Ghulam is a taxi driver who lives in
Blackburn, a once-booming textile town in Lancashire. He has a terrace
house near his local mosque (one of 53 in the area), a silver Nissan car
and a very complex private life.
For
he has so many children that he struggles to remember their names, and
five wives from various countries, including Yemen, Egypt, Turkey and
his own birthplace, Pakistan.
Ghulam’s latest bride is a shy 20-year-old called Hafeza. He brought her to Britain from Morocco, soon after his 45th birthday earlier this year. They married in an Islamic wedding ceremony called ‘the Nikah’ in her village, with Hafeza’s pleased parents among the guests.
Thirty miles across the Pennines in Yorkshire, pizza delivery driver Wasim, 27, has an equally complicated domestic life.
He lives in a part of Dewsbury called Savile Town, a network of 11 terrace streets dominated by one of the biggest mosques in Europe, where most residents are Asian with origins in Pakistan or India.
Wasim has three wives, the first of whom lives with him and their three
teenage sons. His other two wives have separate houses in Savile Town,
one down the road and another round the corner. He visits each two
nights a week.
The women have had several of Wasim’s children and he hopes the youngest bride (aged 19) will soon present him with another baby.

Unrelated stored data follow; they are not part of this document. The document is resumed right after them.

(* Let $a\in\mathbb{R}^n$, $\mathcal{B}\subseteq\mathbb{R}^n$, and $\mathcal{M}=\{\mathrm{Sym}(ab^\top): b\in\mathcal{B}\}$. Then for every positive semidefinite $X\in\mathbb{S}^n_+$ of rank at least two, $\mathrm{range}(X)\cap\mathcal{N}(\mathcal{M})\neq\{0\}$. In particular, $\mathcal{S}(\mathcal{M})$ is rank-one generated.
   Context: $\mathbb{S}^n$ is the space of real symmetric $n\times n$ matrices with $\langle A,B\rangle=\mathrm{tr}(AB)$; $\mathbb{S}^n_+$ is the PSD cone; $\mathrm{Sym}(M)=(M+M^\top)/2$. For $\mathcal{M}\subseteq\mathbb{S}^n$: $\mathcal{S}(\mathcal{M})=\{X\in\mathbb{S}^n_+:\langle M,X\rangle\ge0\ \forall M\in\mathcal{M}\}$ and $\mathcal{N}(\mathcal{M})=\{x\in\mathbb{R}^n: x^\top Mx=0\ \forall M\in\mathcal{M}\}$. A closed convex cone $\mathcal{S}\subseteq\mathbb{S}^n_+$ is rank-one generated (ROG) if $\mathcal{S}=\mathrm{conv}(\mathcal{S}\cap\{xx^\top:x\in\mathbb{R}^n\})$. *)

From HB Require Import structures.
From mathcomp Require Import all_boot all_order all_algebra.
From mathcomp Require Import boolp classical_sets.
Set Implicit Arguments. Unset Strict Implicit. Unset Printing Implicit Defensive.
Import Order.TTheory GRing.Theory Num.Theory.
Local Open Scope ring_scope.
Local Open Scope classical_set_scope.

Section Defs.
Variables (R : realFieldType) (n : nat).

Definition Sym (M : 'M[R]_n) : 'M[R]_n := 2^-1 *: (M + M^T).

Definition inner (A B : 'M[R]_n) : R := \tr (A *m B).

Definition qform (M : 'M[R]_n) (x : 'cV[R]_n) : R := (x^T *m M *m x) 0 0.

Definition psd (X : 'M[R]_n) : Prop :=
  X^T = X /\ forall x : 'cV[R]_n, 0 <= qform X x.

Definition Sset (M : set 'M[R]_n) : set 'M[R]_n :=
  [set X | psd X /\ forall A, M A -> 0 <= inner A X].

Definition Nset (M : set 'M[R]_n) : set 'cV[R]_n :=
  [set x | forall A, M A -> qform A x = 0].

Definition colspan (X : 'M[R]_n) : set 'cV[R]_n :=
  [set x | exists y : 'cV[R]_n, x = X *m y].

Definition conv (S : set 'M[R]_n) : set 'M[R]_n :=
  [set X | exists (k : nat) (lam : 'I_k -> R) (P : 'I_k -> 'M[R]_n),
      (forall i, 0 <= lam i) /\ \sum_(i < k) lam i = 1 /\
      (forall i, S (P i)) /\ X = \sum_(i < k) lam i *: P i].

Definition rank_one_set : set 'M[R]_n :=
  [set X | exists x : 'cV[R]_n, X = x *m x^T].

Definition ROG (S : set 'M[R]_n) : Prop := S = conv (S `&` rank_one_set).

Definition Mset (a : 'cV[R]_n) (B : set 'cV[R]_n) : set 'M[R]_n :=
  [set A | exists2 b, B b & A = Sym (a *m b^T)].

End Defs.

(* If range X meets N(M) only in 0, then X y = 0 whenever a^T X y = 0, since
   x^T Sym(a b^T) x = (a^T x)(b^T x); so the row space of X lies in that of the
   single row a^T X and rank X <= 1.
   For rank-one generation, symmetric Gaussian elimination peels dyads off a PSD
   matrix: X = c^-1 (X e)(X e)^T + X' with c = e^T X e > 0, X' PSD, X' e = 0 and
   rank X' < rank X.  Pivoting first on e = a splits off a dyad v v^T with
   (a^T v)(b^T v) = (a^T X a)(b^T X a) >= 0, and the remainder annihilates a, so
   all its dyads v v^T have a^T v = 0 and lie in S(M).  Normalizing the weights,
   with the dyad 0 absorbing the slack, yields a convex combination. *)

From HB Require Import structures.
From mathcomp Require Import all_boot all_order all_algebra.
From mathcomp Require Import boolp classical_sets.
From mathcomp Require Import ring lra.
Import Order.TTheory GRing.Theory Num.Theory.
Local Open Scope ring_scope.
Local Open Scope classical_set_scope.
Set Implicit Arguments. Unset Strict Implicit. Unset Printing Implicit Defensive.

Lemma linear_coef_eq0 (R : realFieldType) (p q : R) :
  0 <= q -> (forall t, 0 <= 2 * t * p + t ^+ 2 * q) -> p = 0.
Proof.
move=> q_ge0 nonneg; pose t := - p / (q + 1).
have tq : t * (q + 1) = - p by rewrite /t mulfVK // gt_eqF // ltr_wpDl.
have := nonneg t => ineq; apply/eqP; rewrite -sqrf_eq0 eq_le sqr_ge0 andbT; nra.
Qed.

Section PsdDyads.
Variables (R : realFieldType) (n : nat).
Implicit Types (u v w x : 'cV[R]_n) (A Y : 'M[R]_n).

Definition dot u w : R := (u^T *m w) 0 0.

Lemma dotE u w : dot u w = \sum_i u i 0 * w i 0.
Proof. by rewrite /dot !mxE; apply: eq_bigr => i _; rewrite mxE. Qed.

Lemma dotC u w : dot u w = dot w u.
Proof. by rewrite /dot -[u^T *m w]trmxK trmx_mul trmxK mxE. Qed.

Lemma dotDr u w1 w2 : dot u (w1 + w2) = dot u w1 + dot u w2.
Proof. by rewrite /dot mulmxDr mxE. Qed.

Lemma dotBr u w1 w2 : dot u (w1 - w2) = dot u w1 - dot u w2.
Proof. by rewrite /dot mulmxBr !mxE. Qed.

Lemma dotZr u c w : dot u (c *: w) = c * dot u w.
Proof. by rewrite /dot -scalemxAr mxE. Qed.

Lemma dot0r u : dot u 0 = 0.
Proof. by rewrite /dot mulmx0 mxE. Qed.

Lemma dotBl u1 u2 w : dot (u1 - u2) w = dot u1 w - dot u2 w.
Proof. by rewrite dotC dotBr !(dotC w). Qed.

Lemma dotZl c u w : dot (c *: u) w = c * dot u w.
Proof. by rewrite dotC dotZr dotC. Qed.

Lemma dotDl u1 u2 w : dot (u1 + u2) w = dot u1 w + dot u2 w.
Proof. by rewrite dotC dotDr !(dotC w). Qed.

Lemma dot0l w : dot 0 w = 0.
Proof. by rewrite dotC dot0r. Qed.

Lemma dot_mulmx u A w : dot u (A *m w) = dot (A^T *m u) w.
Proof. by rewrite /dot trmx_mul trmxK mulmxA. Qed.

Lemma dot_sym Y u w : Y^T = Y -> dot u (Y *m w) = dot (Y *m u) w.
Proof. by move=> Ysym; rewrite dot_mulmx Ysym. Qed.

Lemma dotxx_eq0 u : dot u u = 0 -> u = 0.
Proof.
have sq_ge0 i : 0 <= u i 0 * u i 0 by rewrite -expr2 sqr_ge0.
rewrite dotE => /psumr_eq0P u0; apply/matrixP => i j; rewrite ord1 mxE.
by have /eqP := u0 (fun i _ => sq_ge0 i) i isT; rewrite mulf_eq0 orbb => /eqP.
Qed.

Lemma qformE A x : qform A x = dot x (A *m x).
Proof. by rewrite /qform /dot mulmxA. Qed.

Lemma rank_one_mulmx u w x : (u *m w^T) *m x = dot w x *: u.
Proof. by rewrite -mulmxA [w^T *m x]mx11_scalar mul_mx_scalar. Qed.

Lemma mulmx_eq0_col m p (A : 'M[R]_(m, n)) (C : 'M[R]_(n, p)) :
  (forall j, A *m col j C = 0) -> A *m C = 0.
Proof.
move=> AC0; apply/matrixP => i j.
by have := congr1 (fun v : 'cV_m => v i 0) (AC0 j); rewrite colE mulmxA -colE !mxE.
Qed.

Lemma psd_qform_eq0 Y e : psd Y -> qform Y e = 0 -> Y *m e = 0.
Proof.
move=> [Ysym Yq] qe0; apply: dotxx_eq0.
(* q(e + t Ye) = 2 t |Ye|^2 + t^2 q(Ye) is nonnegative for every t. *)
apply: (@linear_coef_eq0 _ _ (qform Y (Y *m e))) => // t.
have := Yq (e + t *: (Y *m e)).
rewrite qformE mulmxDr -scalemxAr !(dotDl, dotDr, dotZl, dotZr) -!qformE qe0.
rewrite [dot e _]dot_sym //; lra.
Qed.

Lemma psd_qform_gt0 Y : psd Y -> Y != 0 -> exists e, 0 < qform Y e.
Proof.
move=> psdY /eqP Yn0; apply: contrapT => no_pos; apply: Yn0.
rewrite -[Y]mulmx1; apply: mulmx_eq0_col => j; apply: psd_qform_eq0 => //.
apply/eqP; rewrite eq_le psdY.2 andbT leNgt; apply/negP => pos.
by apply: no_pos; exists (col j 1%:M).
Qed.

Lemma psd_dyad v : psd (v *m v^T).
Proof.
split; first by rewrite trmx_mul trmxK.
by move=> x; rewrite qformE rank_one_mulmx dotZr dotC -expr2 sqr_ge0.
Qed.

Definition pivot Y e := Y - (qform Y e)^-1 *: (Y *m e *m (Y *m e)^T).

Lemma pivotE Y e : Y = (qform Y e)^-1 *: (Y *m e *m (Y *m e)^T) + pivot Y e.
Proof. by rewrite addrC subrK. Qed.

Lemma pivot_mulmx Y e x :
  pivot Y e *m x = Y *m (x - (dot (Y *m e) x / qform Y e) *: e).
Proof.
by rewrite mulmxBl -scalemxAl rank_one_mulmx mulmxBr -scalemxAr scalerA mulrC.
Qed.

Lemma colspan_pivot Y e : colspan (pivot Y e) `<=` colspan Y.
Proof. by move=> _ [x ->]; rewrite pivot_mulmx; eexists. Qed.

Section Pivot.
Variables (Y : 'M[R]_n) (e : 'cV[R]_n).
Hypotheses (psdY : psd Y) (qe_gt0 : 0 < qform Y e).

Lemma pivot_mulmx_eq0 : pivot Y e *m e = 0.
Proof.
by rewrite pivot_mulmx dotC -qformE divff ?gt_eqF // scale1r subrr mulmx0.
Qed.

Lemma pivot_sym : (pivot Y e)^T = pivot Y e.
Proof. by rewrite linearB linearZ /= trmx_mul trmxK psdY.1. Qed.

Lemma qform_pivot x :
  qform (pivot Y e) x = qform Y (x - (dot (Y *m e) x / qform Y e) *: e).
Proof.
rewrite [RHS]qformE -pivot_mulmx qformE dotBl dotZl [dot e _]dot_mulmx pivot_sym.
by rewrite pivot_mulmx_eq0 dot0l mulr0 subr0.
Qed.

Lemma psd_pivot : psd (pivot Y e).
Proof. by split=> [|x]; rewrite ?pivot_sym // qform_pivot psdY.2. Qed.

Lemma rank_pivot : (\rank (pivot Y e) < \rank Y)%N.
Proof.
apply: rank_ltmx; rewrite ltmxE; apply/andP; split.
  have eY : e^T *m Y = (Y *m e)^T by rewrite trmx_mul psdY.1.
  have -> : pivot Y e = (1%:M - (qform Y e)^-1 *: (Y *m e *m e^T)) *m Y.
    by rewrite mulmxBl mul1mx -scalemxAl -[_ *m e^T *m Y]mulmxA eY.
  exact: submxMl.
apply/negP => /submxP [D YD]; move: qe_gt0.
by rewrite qformE YD -mulmxA pivot_mulmx_eq0 mulmx0 dot0r ltxx.
Qed.

End Pivot.

Definition dyad_cone (S : set 'cV[R]_n) (X : 'M[R]_n) :=
  exists2 s : seq (R * 'cV[R]_n), (forall p, p \in s -> 0 <= p.1 /\ S p.2)
    & X = \sum_(p <- s) p.1 *: (p.2 *m p.2^T).

Lemma dyad_cone0 S : dyad_cone S 0.
Proof. by exists [::]; rewrite ?big_nil. Qed.

Lemma dyad_cone_cons S c v X : 0 <= c -> S v -> dyad_cone S X ->
  dyad_cone S (c *: (v *m v^T) + X).
Proof.
move=> c_ge0 Sv [s sS ->]; exists ((c, v) :: s); last by rewrite big_cons.
by move=> p; rewrite inE => /predU1P [-> //|]; apply: sS.
Qed.

Lemma dyad_cone_sub S S' X : S `<=` S' -> dyad_cone S X -> dyad_cone S' X.
Proof. by move=> SS' [s sS ->]; exists s => // p /sS [? /SS']. Qed.

Lemma psd_dyad_cone Y : psd Y -> dyad_cone (colspan Y) Y.
Proof.
move: {2}(\rank Y) (leqnn (\rank Y)) => r; elim: r Y => [|r IH] Y rY psdY.
  by move: rY; rewrite leqn0 mxrank_eq0 => /eqP ->; apply: dyad_cone0.
have [->|Yn0] := eqVneq Y 0; first exact: dyad_cone0.
have [e qe_gt0] := psd_qform_gt0 psdY Yn0.
rewrite [X in dyad_cone _ X](pivotE Y e); apply: dyad_cone_cons.
- by rewrite invr_ge0 ltW.
- by exists e.
apply: (dyad_cone_sub (@colspan_pivot Y e)); apply: IH (psd_pivot psdY qe_gt0).
by rewrite -ltnS (leq_trans (rank_pivot psdY qe_gt0)).
Qed.

Lemma psd_dyad_cone_orth a Y : psd Y -> Y *m a = 0 ->
  dyad_cone [set v | dot a v = 0] Y.
Proof.
move=> psdY Ya; apply: dyad_cone_sub (psd_dyad_cone psdY) => _ [y ->].
by rewrite /= dot_sym ?psdY.1 // Ya dot0l.
Qed.

Lemma inner_dyad A v : inner A (v *m v^T) = qform A v.
Proof. by rewrite /inner mulmxA mxtrace_mulC mulmxA /mxtrace big_ord1. Qed.

Lemma qform_Sym a b x : qform (Sym (a *m b^T)) x = dot a x * dot b x.
Proof.
rewrite qformE /Sym -scalemxAl trmx_mul trmxK mulmxDl !rank_one_mulmx.
by rewrite dotZr dotDr !dotZr !(dotC x); field.
Qed.

Lemma inner_Sym a b Z : Z^T = Z -> inner (Sym (a *m b^T)) Z = dot b (Z *m a).
Proof.
move=> Zsym; rewrite /inner /Sym -scalemxAl mxtraceZ trmx_mul trmxK mulmxDl.
rewrite mxtraceD -!mulmxA (mxtrace_mulC a) (mxtrace_mulC b) /mxtrace !big_ord1.
by rewrite -!mulmxA -/(dot b (Z *m a)) -/(dot a (Z *m b)) dot_sym // dotC; field.
Qed.

Lemma conv_seq (S : set 'M[R]_n) (s : seq (R * 'M[R]_n)) :
  (forall p, p \in s -> 0 <= p.1 /\ S p.2) -> \sum_(p <- s) p.1 = 1 ->
  conv S (\sum_(p <- s) p.1 *: p.2).
Proof.
move=> sS sum1; pose p_ (i : 'I_(size s)) := nth (0, 0) s i.
have sSi i : 0 <= (p_ i).1 /\ S (p_ i).2 by apply/sS/mem_nth.
exists (size s), (fun i => (p_ i).1), (fun i => (p_ i).2).
by rewrite -sum1 !(big_nth (0, 0)) !big_mkord; do ![split] => // i; case: (sSi i).
Qed.

Section Sset.
Variable M : set 'M[R]_n.

Lemma Sset0 : Sset M 0.
Proof.
split; first split=> [|x]; first by rewrite trmx0.
  by rewrite qformE mul0mx dot0r.
by move=> A _; rewrite /inner mulmx0 mxtrace0.
Qed.

Lemma SsetD X1 X2 : Sset M X1 -> Sset M X2 -> Sset M (X1 + X2).
Proof.
move=> [[sym1 q1] in1] [[sym2 q2] in2]; split; first split.
- by rewrite linearD /= sym1 sym2.
- by move=> x; rewrite qformE mulmxDl dotDr -!qformE addr_ge0.
- by move=> A MA; rewrite /inner mulmxDr mxtraceD addr_ge0 ?in1 ?in2.
Qed.

Lemma SsetZ c X : 0 <= c -> Sset M X -> Sset M (c *: X).
Proof.
move=> c_ge0 [[sym q] inn]; split; first split.
- by rewrite linearZ /= sym.
- by move=> x; rewrite qformE -scalemxAl dotZr -qformE mulr_ge0.
- by move=> A MA; rewrite /inner -scalemxAr mxtraceZ mulr_ge0 ?inn.
Qed.

Lemma conv_Sset : conv (Sset M `&` @rank_one_set R n) `<=` Sset M.
Proof.
move=> _ [k [lam [P [lam_ge0 [_ [SP ->]]]]]].
apply: (big_ind (Sset M)); [exact: Sset0 | exact: SsetD |].
by move=> i _; apply: SsetZ => //; case: (SP i).
Qed.

Lemma dyad_cone_conv X : dyad_cone [set v | Sset M (v *m v^T)] X ->
  conv (Sset M `&` @rank_one_set R n) X.
Proof.
move=> [s sS ->]; set sigma := \sum_(p <- s) p.1.
have sigma_ge0 : 0 <= sigma by rewrite /sigma big_seq; apply: sumr_ge0 => p /sS[].
(* A square weight, so that T v v^T is again a dyad without square roots. *)
pose T := (sigma + 1) ^+ 2.
have T_gt0 : 0 < T by rewrite exprn_gt0 // ltr_wpDl.
have dyadT v : T *: (v *m v^T) = ((sigma + 1) *: v) *m ((sigma + 1) *: v)^T.
  by rewrite linearZ /= -scalemxAl -scalemxAr scalerA.
pose s' := (1 - sigma / T, 0) :: [seq (p.1 / T, T *: (p.2 *m p.2^T)) | p <- s].
have -> : \sum_(p <- s) p.1 *: (p.2 *m p.2^T) = \sum_(p <- s') p.1 *: p.2.
  rewrite big_cons scaler0 add0r big_map; apply: eq_bigr => p _.
  by rewrite scalerA divfK ?gt_eqF.
apply: conv_seq.
  move=> _ /predU1P [-> | /mapP [p /sS [p1_ge0 Sp2] ->]] /=.
    split; last by split; [exact: Sset0 | exists 0; rewrite mul0mx].
    by rewrite subr_ge0 ler_pdivrMr // mul1r /T; nra.
  split; first by rewrite divr_ge0 // ltW.
  by split; [apply: SsetZ; rewrite // ltW | rewrite dyadT; eexists].
by rewrite big_cons big_map -mulr_suml subrK.
Qed.

End Sset.

Section Mset.
Variables (a : 'cV[R]_n) (B : set 'cV[R]_n).

Lemma colspan_meet_Nset_neq0 X :
  (2 <= \rank X)%N -> colspan X `&` Nset (Mset a B) <> [set 0].
Proof.
move=> rX meet0.
have ker_sub (y : 'cV_n) : a^T *m X *m y = 0 -> X *m y = 0.
  move=> aXy; have : [set 0] (X *m y); last by [].
  rewrite -meet0; split; first by exists y.
  move=> _ [b _ ->]; rewrite qform_Sym.
  by rewrite /dot mulmxA aXy mxE mul0r.
have : (X <= a^T *m X)%MS.
  rewrite submxE; apply/eqP/mulmx_eq0_col => j; apply: ker_sub.
  by rewrite colE mulmxA mulmx_coker mul0mx.
by move/mxrankS/(leq_trans rX)/leq_trans/(_ (rank_leq_row _)).
Qed.

Lemma Sset_dyad v : (forall b, B b -> 0 <= dot a v * dot b v) ->
  Sset (Mset a B) (v *m v^T).
Proof.
move=> av_bv_ge0; split=> [|_ [b Bb ->]]; first exact: psd_dyad.
by rewrite inner_dyad qform_Sym av_bv_ge0.
Qed.

Lemma Sset_dyad_cone X : Sset (Mset a B) X ->
  dyad_cone [set v | Sset (Mset a B) (v *m v^T)] X.
Proof.
move=> [psdX innerX].
have orth Y : psd Y -> Y *m a = 0 -> dyad_cone [set v | Sset (Mset a B) (v *m v^T)] Y.
  move=> psdY Ya; apply: dyad_cone_sub (psd_dyad_cone_orth psdY Ya) => v /= av0.
  by apply: Sset_dyad => b _; rewrite av0 mul0r.
have [qa_gt0|qa_le0] := ltP 0 (qform X a); last first.
  apply: (orth _ psdX (psd_qform_eq0 psdX _)); apply/eqP.
  by rewrite eq_le qa_le0 psdX.2.
rewrite (pivotE X a); apply: dyad_cone_cons.
- by rewrite invr_ge0 ltW.
- apply: Sset_dyad => b Bb; apply: mulr_ge0; first by rewrite -qformE ltW.
  by rewrite -inner_Sym ?psdX.1 //; apply: innerX; exists b.
- exact: orth _ (psd_pivot psdX qa_gt0) (pivot_mulmx_eq0 qa_gt0).
Qed.

End Mset.

End PsdDyads.

Theorem theorem3p4 (R : realFieldType) (n : nat) (a : 'cV[R]_n)
    (B : set 'cV[R]_n) :
  (forall X : 'M[R]_n, psd X -> (2 <= \rank X)%N ->
     colspan X `&` Nset (Mset a B) <> [set 0]) /\
  ROG (Sset (Mset a B)).
Proof.
split=> [X _|]; first exact: colspan_meet_Nset_neq0.
apply/seteqP; split=> X; last exact: conv_Sset.
by move/Sset_dyad_cone/dyad_cone_conv.
Qed.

I learned of Ghulam and Wasim this
week while investigating a subject that is taboo in politically correct
Britain. It is the huge rise of bigamy (having two wives) and polygamy
(more than two) in our Muslim communities.
The
issue was recently bravely highlighted by Baroness Flather, a
crossbench life peer who was herself born in Lahore, now part of
Pakistan.
She warned
the Lords (and also wrote an article for the Mail on the subject) about
how our shambolic benefits system is being exploited by men hailing from
Pakistan and other Muslim nations who indulge in multiple marriages —
with taxpayers forced to foot the bill.
As Baroness Flather explained: ‘The wives are regarded by the welfare system as single mothers, and are therefore entitled to a full range of lone parent payments."